Lemma cexp_sum m n (F : nat -> R[i]) :
  \prod_(m <= i < n) cexp (F i) = cexp (\sum_(m <= i < n) F i).
Proof. by rewrite (big_morph (@cexp R) (fun z w => esym (cexpD z w)) cexp0). Qed.

Lemma absc_cexp z : absc (cexp z) = expR (complex.Re z).
Proof.
rewrite /cexp abscM absc_real ger0_norm ?expR_ge0 //.
by rewrite /= cos2Dsin2 sqrtr1 mulr1.
Qed.

Lemma Re_sqrtc_ge0 z : 0 <= complex.Re (sqrtc z).
Proof. by case: z => a b /=; rewrite sqrtr_ge0. Qed.

Lemma Re_sqrtc_ge x z : 0 <= x -> x ^+ 2 <= complex.Re z -> x <= complex.Re (sqrtc z).
Proof.
move=> x_ge0; rewrite -{1}(sqr_sqrtc z) Re_sqr.
have := Re_sqrtc_ge0 z; have := sqr_ge0 (complex.Im (sqrtc z)); nra.
Qed.

Lemma sqr_eq_Re_gt0 s t : s ^+ 2 = t ^+ 2 ->
  0 < complex.Re s -> 0 <= complex.Re t -> s = t.
Proof.
move=> st Rs Rt; have /eqP : (s - t) * (s + t) = 0 by rewrite -subr_sqr st subrr.
rewrite mulf_eq0 => /orP[|/eqP st0]; first by rewrite subr_eq0 => /eqP.
have := congr1 (@complex.Re R) st0; rewrite ReD /= => {st st0} ?; exfalso; lra.
Qed.

Lemma sqrtc_scale x a : 0 < x ->
  sqrtc (1 + 'i * (a / x ^+ 2)%:C) * x%:C = sqrtc ((x ^+ 2)%:C + 'i * a%:C).
Proof.
move=> x_gt0; apply: sqr_eq_Re_gt0; last exact: Re_sqrtc_ge0.
  rewrite exprMn !sqr_sqrtc -rmorphXn /= mulrDl mul1r -mulrA -rmorphM /=.
  by rewrite divfK // expf_neq0 // gt_eqF.
have : 1 <= complex.Re (sqrtc (1 + 'i * (a / x ^+ 2)%:C)).
  by apply: Re_sqrtc_ge; rewrite ?expr1n //=; lra.
by rewrite [_ * x%:C]mulrC Re_realM; nra.
Qed.

End ComplexFacts.

Section Estimates.
Variable R : realType.
Implicit Types (r p e x y : R[i]) (c q s t : R).

Lemma absc_rp1_ge r p c q : absc r <= c -> absc p <= q ->
  1 - c * q <= absc (r * p + 1).
Proof.
move=> rc pq; have := abscD_ge 1 (r * p).
rewrite absc1 abscM [1 + r * p]addrC => y_ge.
have := ler_pM (absc_ge0 r) (absc_ge0 p) rc pq; lra.
Qed.

Lemma absc_inv_rp1_sub1 r p : absc r <= 1/2 -> absc p <= 1 ->
  absc ((r * p + 1)^-1 - 1) <= absc p.
Proof.
move=> r_small p_le1.
have y_ge : 1/2 <= absc (r * p + 1).
  have := absc_rp1_ge (le_refl (absc r)) p_le1.
  have := absc_ge0 r; lra.
have rp1_neq0 : r * p + 1 != 0.
  by apply: contraTneq y_ge => ->; rewrite absc0; lra.
have : absc ((r * p + 1)^-1 - 1) * absc (r * p + 1) = absc r * absc p.
  rewrite -!abscM -abscN; congr absc.
  by rewrite mulrBl mulVf // mul1r; ring.
have := absc_ge0 ((r * p + 1)^-1 - 1); have := absc_ge0 p; nra.
Qed.

(* Along the recursion the bound grows linearly: [3 q] absorbs both [p] and
   the loss in the denominator. *)
Lemma absc_refl_step r p e c q : 0 <= q ->
  absc r <= c -> absc p <= q -> absc e <= 1 -> c + 3 * q <= 1/2 ->
  absc ((r + p) / (r * p + 1) * e) <= c + 3 * q.
Proof.
move=> q_ge0 rc pq e_le1 cq_small.
have c_ge0 : 0 <= c := le_trans (absc_ge0 r) rc.
have y_ge := absc_rp1_ge rc pq.
have y_gt0 : 0 < absc (r * p + 1) by nra.
have num_le : absc (r + p) <= (c + 3 * q) * absc (r * p + 1).
  have := abscD_le r p.
  have : (c + 3 * q) * (c * q) <= 1/2 * (1/2 * q) by apply: ler_pM; nra.
  nra.
rewrite !abscM abscV -(mulr1 (c + 3 * q)).
apply: ler_pM; rewrite ?absc_ge0 ?mulr_ge0 ?invr_ge0 ?absc_ge0 //.
by rewrite ler_pdivrMr.
Qed.

Lemma absc_mul_sub1 x y s t : absc (x - 1) <= s -> absc (y - 1) <= t ->
  absc (x * y - 1) <= (1 + s) * (1 + t) - 1.
Proof.
move=> xs yt.
have y_le : absc y <= 1 + t.
  by have := abscD_le (y - 1) 1; rewrite subrK absc1; lra.
have := abscD_le ((x - 1) * y) (y - 1); rewrite abscM.
have -> : (x - 1) * y + (y - 1) = x * y - 1 by ring.
have := ler_pM (absc_ge0 (x - 1)) (absc_ge0 y) xs y_le; lra.
Qed.

Lemma absc_prod_sub1 t (F : nat -> R[i]) m n :
  (forall i, (m <= i < n)%N -> absc (F i - 1) <= t) ->
  absc (\prod_(m <= i < n) F i - 1) <= (1 + t) ^+ (n - m) - 1.
Proof.
elim: n => [|n IH] Ft.
  by rewrite big_geq // subrr absc0 sub0n expr0 subrr.
have [mn|nm] := leqP m n; last first.
  rewrite big_geq // (_ : n.+1 - m = 0)%N; last by apply/eqP; rewrite subn_eq0.
  by rewrite subrr absc0 expr0 subrr.
rewrite big_nat_recr //= subSn // exprSr.
have -> : (1 + t) ^+ (n - m) * (1 + t) - 1 = (1 + ((1 + t) ^+ (n - m) - 1)) * (1 + t) - 1.
  by ring.
apply: absc_mul_sub1; last by apply: Ft; rewrite mn ltnSn.
by apply: IH => i /andP[mi ni]; apply: Ft; rewrite mi ltnS ltnW.
Qed.

Lemma expr1D_sub1_le t m : 0 <= t -> t <= 1 -> (1 + t) ^+ m - 1 <= t * (m%:R * 2 ^+ m).
Proof.
move=> t_ge0 t_le1; elim: m => [|m IH]; first by rewrite expr0 subrr mul0r mulr0.
rewrite exprS -natr1 exprS.
have two_m_ge1 : 1 <= (2 : R) ^+ m by rewrite exprn_ege1 //; lra.
have tmq_ge0 : 0 <= t * (m%:R * 2 ^+ m) by rewrite !mulr_ge0 ?ler0n //; lra.
have : (1 + t) * ((1 + t) ^+ m - 1) <= (1 + t) * (t * (m%:R * 2 ^+ m)).
  by apply: ler_wpM2l => //; lra.
nra.
Qed.

End Estimates.

Section Reflection.
Variables (R : realType) (omega mu : R) (N : nat) (sigma h : nat -> R) (lam : R).

Local Notation a j := (omega * mu * sigma j).
Local Notation u j := (u omega mu sigma j lam).
Local Notation Psi j := (Psi omega mu sigma j lam).
Local Notation Rup n j := (Rup omega mu sigma h n j lam).
Local Notation Rrefl j := (Rrefl omega mu N sigma h j lam).

Definition asum : R := \sum_(1 <= j < N.+1) a j.

Definition atten j : R[i] := cexp (- (2%:R * u j * (h j)%:C)).

Definition inv_denom j : R[i] := (Rrefl j.+1 * Psi j.+1 + 1)^-1.

(* [1 + rel_err k] is the factor [1 + epsilon_k] of the expansion. *)
Definition rel_err k : R[i] :=
  4%:R * (lam ^+ 2)%:C / (u k + u k.+1) ^+ 2 * \prod_(1 <= i < k.+1) inv_denom i - 1.

Lemma Rup_expansion n j : (n + j = N)%N ->
  Rup n j = \sum_(j <= k < N) Psi k.+1 * \prod_(j <= i < k.+1) (atten i * inv_denom i).
Proof.
elim: n j => [|n IH] j nj; first by rewrite big_geq //= -nj.
have nj1 : (n + j.+1 = N)%N by rewrite addnS.
have jN : (j < N)%N by rewrite -nj1 addnS ltnS leq_addl.
have denomE : inv_denom j = (Rup n j.+1 * Psi j.+1 + 1)^-1.
  by rewrite /inv_denom /Defs.Rrefl -nj1 addnK.
rewrite /= big_ltn // big_nat1 (@eq_big_nat _ _ _ _ _ _
   (fun k => atten j * inv_denom j * (Psi k.+1 * \prod_(j.+1 <= i < k.+1) (atten i * inv_denom i)))).
  by rewrite -mulr_sumr -(IH _ nj1) denomE /atten; ring.
by move=> k /andP[jk _]; rewrite big_ltn 1?mulrCA // ltnS ltnW.
Qed.

Section PositiveLambda.
Hypothesis lam_gt0 : 0 < lam.

Lemma uE j : (0 < j)%N -> u j = sqrtc ((lam ^+ 2)%:C + 'i * (a j)%:C).
Proof. by case: j. Qed.

Lemma u_sqr j : (0 < j)%N -> u j ^+ 2 = (lam ^+ 2)%:C + 'i * (a j)%:C.
Proof. by move=> /uE ->; rewrite sqr_sqrtc. Qed.

Lemma Re_u_ge j : (0 < j)%N -> lam <= complex.Re (u j).
Proof.
move=> /uE ->; apply: Re_sqrtc_ge; first exact: ltW.
by rewrite ReD [_ * (a j)%:C]mulrC Re_realM /= mulr0 addr0.
Qed.

Lemma absc_u_add_ge j : (0 < j)%N -> 2 * lam <= absc (u j + u j.+1).
Proof.
move=> j_gt0; have := Re_le_absc (u j + u j.+1); rewrite ReD.
have := Re_u_ge j_gt0; have := @Re_u_ge j.+1 isT; lra.
Qed.

Lemma u_add_neq0 j : (0 < j)%N -> u j + u j.+1 != 0.
Proof.
by move=> /absc_u_add_ge; apply: contraTneq => ->; rewrite absc0 -ltNge mulr_gt0.
Qed.

(* [u_j - lam = i a_j / (u_j + lam)] and [|u_j + lam| >= 2 lam]. *)
Lemma absc_u_sub j : (0 < j)%N -> 0 <= a j -> absc (u j - lam%:C) * (2 * lam) <= a j.
Proof.
move=> j_gt0 a_ge0.
have : absc (u j - lam%:C) * absc (u j + lam%:C) = a j.
  rewrite -abscM -subr_sqr u_sqr // -rmorphXn addrAC subrr add0r.
  by rewrite abscM absc_i absc_real mul1r ger0_norm.
have : 2 * lam <= absc (u j + lam%:C).
  by have := Re_le_absc (u j + lam%:C); rewrite ReD /=; have := Re_u_ge j_gt0; lra.
have := absc_ge0 (u j - lam%:C); nra.
Qed.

• • • •

THE TASK >> Which lines of the listing above hold the word "sigma"? Copy each of them.

EXERCISE RESULT >>
Variables (R : realType) (omega mu : R) (N : nat) (sigma h : nat -> R) (lam : R).
Local Notation a j := (omega * mu * sigma j).
Local Notation u j := (u omega mu sigma j lam).
Local Notation Psi j := (Psi omega mu sigma j lam).
Local Notation Rup n j := (Rup omega mu sigma h n j lam).
Local Notation Rrefl j := (Rrefl omega mu N sigma h j lam).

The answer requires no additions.